To harvest the fish out of the loko ia, she said they used a plant called ʻākia to stun them. It’s just poisonous enough to the fish to temporarily immobilize them, but completely harmless to humans. After the harvest, the fish that weren’t eaten were released back into the ocean, where the ʻākia wore off and the fish “came magically back to life. That plant was endemic and only found in Hawaii, so they learned about that and used it,” said Campbell.
While using a loko ia to collect fish is no longer a common practice, restoring them is a hot topic among preservationists. In Haleiwa, the Malama Loko Ea Foundation works tirelessly to restore the Loko Ea fishpond. On its website, it describes Loko Ea as “a sacred space for the community of pae ʻāina o Hawaiʻi” because it’s a place to practice culture, share heritage and celebrate community.
The website says the group has two sand-dune ponds in Waialua connected to the ocean through a stream or ditch. “Connected physically through the streams and freshwater springs, they are also spiritually connected, as both are the home to Laniwahine, the moʻowahine female water guardian of the two fishponds. Together, they make up the third largest existing wetland on the island of Oahu.”
The Malama Loko Ea Foundation runs community workdays every Saturday between 9 and 11 a.m. Under current COVID-19 protocols, participants must pre-register groups between three and 10 people on its website.
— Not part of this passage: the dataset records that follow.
(* Fix a monomial order on $S$. Let $J$ be a binomial ideal of $S$ and let $(E_i)_{i\in\Lambda}$ be a family of monomial ideals of $S$. Assume that for each $i\in\Lambda$, $F_i\supseteq E_i$ is a monomial ideal such that $(J,F_i)$ is a G-nice pair and $J+E_i=J+F_i$. Then $$\bigcap_{i\in\Lambda}(J+E_i)=J+\bigcap_{i\in\Lambda}\widehat{E_i}=J+\bigcap_{i\in\Lambda}F_i,$$ where each $\widehat{E_i}$ is taken with respect to $J$.
   Context: $K$ is a field and $S=K[x_1,\ldots,x_n]$ with a fixed monomial order. For $0\neq f\in S$, $\mathrm{in}(f)$ denotes its leading monomial; for an ideal $I$, $\mathrm{in}(I)$ is the ideal generated by the leading monomials of the nonzero elements of $I$. A pair $(J,E)$ of ideals is G-nice if $\mathrm{in}(J+E)=\mathrm{in}(J)+\mathrm{in}(E)$. A binomial ideal is an ideal generated by binomials. For an ideal $J$ and a monomial ideal $E$, $\widehat E$ (the G-nice monomial closure of $E$ with respect to $J$) is the intersection of all monomial ideals $F$ of $S$ with $E\subseteq F$ and $(J,F)$ G-nice. *)

From mathcomp Require Import all_boot all_algebra.
From mathcomp Require Import mpoly.
Set Implicit Arguments. Unset Strict Implicit. Unset Printing Implicit Defensive.
Import GRing.Theory.
Local Open Scope ring_scope.

Section Defs.
Variables (n : nat) (K : fieldType).
Local Notation S := {mpoly K[n]}.
Local Notation mon := 'X_{1..n}.

(* Subsets of S (Prop-valued, to allow arbitrary intersections). *)
Definition pset := S -> Prop.
Definition psubset (A B : pset) := forall p, A p -> B p.
Definition pseteq (A B : pset) := forall p, A p <-> B p.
Other aspects of the ahupuaa system, such as the loi kalo or taro fields, are also actively preserved around Oahu and on the BYU–Hawaii campus. One such example is a community nonprofit in Hakipuu Valley, Hoʻāla ʻᾹina Kūpono. The Hakipuu loi kalo has been tended to using traditional techniques for hundreds of years without interruption, says the Hoʻāla ʻᾹina Kūpono website. According to the Trust for Public Land, more than $1 million was raised in 2016 in order to preserve the loi kalo. Today, the nonprofit is still growing taro and the space is an outdoor classroom for students of restorative agriculture.
BYUH also participates in restorative agriculture by growing various native plants using traditional techniques in the Hawaiian studies garden. A similar arrangement can be observed on a visit to Waimea Valley.
However, restoration isn’t the only way to keep native Hawaiian agriculture alive. Other places where modern farming techniques are combined with tradition, allowing farmers to grow both native and introduced plants, include Kahuku Farms and the farms at the Polynesian Cultural Center.